Mark Fallon (Tyrone Power) hails from a respected New York family but decides to seek a life of adventure as a professional riverboat gambler on the Mississippi River. He strikes a friendship with Kansas John Polly (John McIntire), and on their first sailing they meet the brother and sister duo of Angelique and Laurent Dureau (Piper Laurie and John Baer). Mark is immediately smitten with Angelique, but she is standoffish. Laurent is a weasel and covers his gambling losses with his sister's precious necklace.

In New Orleans Mark befriends Redmond Dureau (Paul Cavanagh), Angelique's father, and meets banker George Elwood (Ron Randell), who is trying to win her heart. Mark also helps Ann Conant (Julie Adams) when her brother commits suicide after incurring big gambling losses. Ann falls in love with Mark, Laurent falls in love with Ann, but Mark only has eyes for Angelique, as a series of high profile and self-inflicted tragedies strike the Dureau family.

A sprawling story featuring overlapping love triangles, multiple duels and tense poker table showdowns, The Mississippi Gambler moves quickly from one episode to the next.
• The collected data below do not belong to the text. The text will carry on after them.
(* On the $\kappa G^\#$-module $\Lambda_G$: (i) the dot product and the bracket are $\kappa G^\#$-bilinear; the dot product is symmetric and the bracket skew-symmetric; (ii) the bracket satisfies the Jacobi identity $[[\vec x,\vec y],\vec z]+[[\vec y,\vec z],\vec x]+[[\vec z,\vec x],\vec y]=0$; (iii) the map $(\vec x,\vec y,\vec z)\mapsto[\vec x,\vec y]\cdot\vec z$ is an alternating trilinear map; (iv) $[[\vec x,\vec y],\vec z]=(\vec x\cdot\vec z)\vec y-(\vec y\cdot\vec z)\vec x$ for all $\vec x,\vec y,\vec z\in\Lambda_G$.
   Context: Let $\kappa$ be a field of characteristic $0$ and $G$ a group. Let $*:\kappa G\to\kappa G$ be the $\kappa$-linear map with $g^*=g^{-1}$, $(\kappa G)^*$ its fixed points, and $A_G$ the quotient of $\kappa G$ by the two-sided ideal generated by all $ab-ba$, $a\in\kappa G$, $b\in(\kappa G)^*$; $*$ descends to $A_G$. Let $\kappa G^\#=\{x\in A_G:x^*=x\}$ (a commutative subring of the centre of $A_G$) and $\Lambda_G=\{x\in A_G:x^*=-x\}$, a $\kappa G^\#$-module. For $\vec x,\vec y\in\Lambda_G$ define $\vec x\cdot\vec y=-\tfrac12(\vec x\vec y+\vec y\vec x)\in\kappa G^\#$ and $[\vec x,\vec y]=\tfrac12(\vec x\vec y-\vec y\vec x)\in\Lambda_G$. *)

From HB Require Import structures.
From mathcomp Require Import all_boot all_order all_algebra.
Set Implicit Arguments. Unset Strict Implicit. Unset Printing Implicit Defensive.
Import GRing.Theory.
Local Open Scope ring_scope.

(* The group algebra kappa G of an arbitrary (possibly infinite) group G,
   realised by formal finite sums  sum_i c_i g_i  (lists of pairs),
   two lists being the same element of kappa G iff all their coefficients agree. *)
Section GroupAlgebra.
Variables (K : fieldType) (G : groupType).

Definition KG := seq (K * G).

Definition coef (a : KG) (g : G) : K := \sum_(p <- a | p.2 == g) p.1.

Definition kg_eq (a b : KG) : Prop := forall g, coef a g = coef b g.

Definition kg_add (a b : KG) : KG := a ++ b.
Definition kg_scale (c : K) (a : KG) : KG := [seq (c * p.1, p.2) | p <- a].
Definition kg_opp (a : KG) : KG := kg_scale (-1) a.
Definition kg_sub (a b : KG) : KG := kg_add a (kg_opp b).
Definition kg_mul (a b : KG) : KG :=
  [seq (p.1 * q.1, monoid.mul p.2 q.2) | p <- a, q <- b].
Definition kg_star (a : KG) : KG := [seq (p.1, monoid.inv p.2) | p <- a].

Definition kg_fixed (b : KG) : Prop := kg_eq (kg_star b) b.

Inductive idealI : KG -> Prop :=
  | idealI_gen a b : kg_fixed b -> idealI (kg_sub (kg_mul a b) (kg_mul b a))
  | idealI_eq a b : kg_eq a b -> idealI a -> idealI b
  | idealI_zero : idealI [::]
  | idealI_add a b : idealI a -> idealI b -> idealI (kg_add a b)
  | idealI_lmul c a : idealI a -> idealI (kg_mul c a)
  | idealI_rmul a c : idealI a -> idealI (kg_mul a c).

(* equality in A_G = kappa G / I (elements of A_G are represented by
   elements of kappa G) *)
Definition AG_eq (a b : KG) : Prop := idealI (kg_sub a b).

Definition in_sharp (a : KG) : Prop := AG_eq (kg_star a) a.
Definition in_Lambda (x : KG) : Prop := AG_eq (kg_star x) (kg_opp x).

Definition dotG (x y : KG) : KG :=
  kg_scale (- (2%:R)^-1) (kg_add (kg_mul x y) (kg_mul y x)).
Definition brkG (x y : KG) : KG :=
  kg_scale ((2%:R)^-1) (kg_sub (kg_mul x y) (kg_mul y x)).

End GroupAlgebra.

From HB Require Import structures.
From mathcomp Require Import all_boot all_order all_algebra ring.
From mathcomp Require Import boolp.
Set Implicit Arguments. Unset Strict Implicit. Unset Printing Implicit Defensive.
Import GRing.Theory.
Local Open Scope ring_scope.

(* The theorem is reduced to noncommutative ring theory in A_G.
   - Abstract part: in any ring R with a central element h such that 2h = 1,
     set  x.y = -h(xy + yx)  and  [x,y] = h(xy - yx).  These forms are
     additive in each argument, commute with multiplication by central
     elements, satisfy Jacobi, and, whenever the relevant anticommutators are
     central, [x,y].x = 0 and [[x,y],z] = (x.z)y - (y.z)x.
   - Formal sums: an element of kappa G is determined by its integrals
     int a f = sum_i c_i f(g_i) against all f : G -> K, which turns every
     identity of kappa G into a computation with finite sums.  Equality in
     A_G is shown to be a congruence.
   - Quotient: the classes of this congruence form a ring A_G, and the
     projection pi sends dotG, brkG to the abstract forms with h = pi(1/2).
   - Centrality: an element fixed by star in A_G is central, because its
     symmetrisation lies in (kappa G)^*; hence products xy + yx and xx of
     elements of Lambda_G are central and the abstract results apply. *)

Lemma jacobi_zmod (V : zmodType) (a b c d e f : V) :
  (a - b - (c - d)) + (e - d - (a - f)) + (c - f - (e - b)) = 0.
Proof.
rewrite !opprB !addrA.
rewrite (ACl ((1*8)*(2*11)*(3*6)*(4*9)*(5*12)*(7*10)))%AC /=.
by rewrite !(subrr, addNr, add0r).
Qed.

Lemma double_zmod (V : zmodType) (u a b : V) : u + a - (- u + b) - (a - b) = u + u.
Proof. by rewrite opprD opprK opprB -addrA [u - b + _]addrA subrK addrCA addrK. Qed.

Definition central (R : pzRingType) (u : R) : Prop := forall v, u * v = v * u.

Section Anticommutator.
Variables (R : pzRingType) (h : R).
Hypotheses (hC : central h) (h2 : h *+ 2 = 1).
Implicit Types a x y z : R.

(* the dot product and the bracket, with h playing the role of 1/2 *)
Definition dot x y : R := - (h * (x * y + y * x)).
Definition brk x y : R := h * (x * y - y * x).

Lemma dotC x y : dot x y = dot y x.
Proof. by rewrite /dot addrC. Qed.

Lemma brkN x y : brk x y = - brk y x.
Proof. by rewrite /brk -opprB mulrN. Qed.

Lemma brk_self x : brk x x = 0.
Proof. by rewrite /brk subrr mulr0. Qed.

Lemma dot0l y : dot 0 y = 0.
Proof. by rewrite /dot mul0r mulr0 addr0 mulr0 oppr0. Qed.

Lemma dotNl x y : dot (- x) y = - dot x y.
Proof. by rewrite /dot mulNr mulrN -opprD mulrN. Qed.

Lemma dotDl x x' y : dot (x + x') y = dot x y + dot x' y.
Proof. by rewrite /dot mulrDl [y * _]mulrDr addrACA mulrDr opprD. Qed.

Lemma dotDr x y y' : dot x (y + y') = dot x y + dot x y'.
Proof. by rewrite dotC dotDl !(dotC _ x). Qed.

Lemma brkDl x x' y : brk (x + x') y = brk x y + brk x' y.
Proof. by rewrite /brk mulrDl [y * _]mulrDr opprD addrACA mulrDr. Qed.

Lemma brkDr x y y' : brk x (y + y') = brk x y + brk x y'.
Proof. by rewrite brkN brkDl opprD -!brkN. Qed.

Lemma central_mulCA a x y : central a -> x * (a * y) = a * (x * y).
Proof. by move=> aC; rewrite mulrA -aC mulrA. Qed.

Lemma dotMl a x y : central a -> dot (a * x) y = a * dot x y.
Proof.
move=> aC; rewrite /dot -mulrA (central_mulCA _ _ aC) -mulrDr.
by rewrite (central_mulCA _ _ aC) mulrN.
Qed.

Lemma dotMr a x y : central a -> dot x (a * y) = a * dot x y.
Proof. by move=> aC; rewrite dotC dotMl // dotC. Qed.

Lemma brkMl a x y : central a -> brk (a * x) y = a * brk x y.
Proof.
move=> aC; rewrite /brk -mulrA (central_mulCA _ _ aC) -mulrBr.
by rewrite (central_mulCA _ _ aC).
Qed.

Lemma brkMr a x y : central a -> brk x (a * y) = a * brk x y.
Proof. by move=> aC; rewrite brkN brkMl // brkN mulrN opprK. Qed.

Lemma brk_brk x y z :
  brk (brk x y) z = h * h * ((x * y - y * x) * z - z * (x * y - y * x)).
Proof.
rewrite /brk; set c := x * y - y * x.
by rewrite -[h * c * z]mulrA (central_mulCA _ _ hC) -mulrBr mulrA.
Qed.

Lemma jacobi x y z : brk (brk x y) z + brk (brk y z) x + brk (brk z x) y = 0.
Proof. by rewrite !brk_brk -!mulrDr !mulrBl !mulrBr !mulrA jacobi_zmod mulr0. Qed.

Lemma dot_brk_self x y : central (x * x) -> dot (brk x y) x = 0.
Proof.
move=> xxC; rewrite /dot /brk; set c := x * y - y * x.
have cx0 : c * x + x * c = 0.
  by rewrite /c mulrBl mulrBr !mulrA addrC addrA subrK xxC mulrA subrr.
by rewrite -mulrA (central_mulCA _ _ hC) -mulrDr cx0 !mulr0 oppr0.
Qed.

(* (iv): writing xz = c - zx and yz = d - zy with c, d central, the double
   commutator [xy - yx, z] collapses to 2(dx - cy) *)
Lemma brk_brk_dot x y z : central (x * z + z * x) -> central (y * z + z * y) ->
  brk (brk x y) z = dot x z * y - dot y z * x.
Proof.
set c := x * z + z * x; set d := y * z + z * y => cC dC.
have yz : y * z = d - z * y by rewrite /d addrK.
have xz : x * z = c - z * x by rewrite /c addrK.
have xyz : x * y * z = d * x - c * y + z * x * y.
  by rewrite -mulrA yz mulrBr -dC mulrA xz mulrBl opprD opprK addrA.
have yxz : y * x * z = - (d * x - c * y) + z * y * x.
  by rewrite -mulrA xz mulrBr -cC mulrA yz mulrBl opprD opprK addrA opprB.
rewrite brk_brk [(x * y - y * x) * z]mulrBl [z * (x * y - y * x)]mulrBr.
rewrite !mulrA xyz yxz double_zmod -mulr2n.
rewrite mulrnAr -mulrA -mulrnAl h2 mul1r /dot !mulNr -!mulrA -/c -/d.
by rewrite mulrBr opprK addrC.
Qed.
End Anticommutator.

Section FormalSums.
Variables (K : fieldType) (G : groupType).
Implicit Types (a b c : KG K G) (f : G -> K).

Definition int a f : K := \sum_(p <- a) p.1 * f p.2.

Lemma int_ext a f f' : (forall g, f g = f' g) -> int a f = int a f'.
Proof. by move=> ff'; apply: eq_bigr => p _; rewrite ff'. Qed.

Lemma int_fD a f f' : int a (fun g => f g + f' g) = int a f + int a f'.
Proof. by rewrite /int -big_split; apply: eq_bigr => p _; rewrite mulrDr. Qed.

Lemma int_fZ a k f : int a (fun g => k * f g) = k * int a f.
Proof. by rewrite /int mulr_sumr; apply: eq_bigr => p _; rewrite mulrCA. Qed.

Lemma int_nil f : int [::] f = 0.
Proof. by rewrite /int big_nil. Qed.

Lemma int_cat a b f : int (kg_add a b) f = int a f + int b f.
Proof. by rewrite /int big_cat. Qed.

Lemma int_scale k a f : int (kg_scale k a) f = k * int a f.
Proof. by rewrite /int big_map mulr_sumr; apply: eq_bigr => p _; rewrite mulrA. Qed.

Lemma int_mul a b f :
  int (kg_mul a b) f = int a (fun g => int b (fun g' => f (monoid.mul g g'))).
Proof.
rewrite /int big_allpairs_dep; apply: eq_bigr => p _.
by rewrite mulr_sumr; apply: eq_bigr => q _ /=; rewrite !mulrA [p.1 * _]mulrC.
Qed.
The overabundance of dramatic incidents combined with lavish sets, vivid colours and elegant wardrobes ensure the film is never slow or boring, but leave little room for reflection or character development.

If Mark Fallon left New York to find adventure, he is not disappointed. Director Rudolph Maté keeps the mood light and the pace fast by wedging an on-board ambush, two old fashioned duels-at-sunrise, a corporate bankruptcy, a suicide, an attempted murder, a business start-up venture and a couple of friendly fencing sessions in between all the romantic pursuits.

But the emotional core of the film is somewhat distant, as the central romance between Mark and Angelique sits on ice as he expresses his belief in a love she repeatedly rebuffs. As he waits for her heart to thaw, Ann develops a serious crush on Mark, the bland George adopts a slow and steady approach to win Angelique's hand in marriage if not her heart in love, and Laurent wastes no opportunity to make a fool of himself.

Mark and Redmond bond over a shared passion for adventurism, a common code of gentlemanly chivalrous living and an expertise in fencing, writer Seton I. Miller finding a way to salute Tyrone Power's swashbuckling past. The friendship between the two men unexpectedly emerges as the film's warmest element.

Tyrone Power easily represents the morally pure Mark Fallon in a role that suffers from a lack of any flaw. The supporting cast adequately portrays the high society of New Orleans, but all the characters are firmly defined in one non-evolving dimension. The Mississippi Gambler shuffles cards with admirable expertise, but deal with a flurry rather than deliberate focus.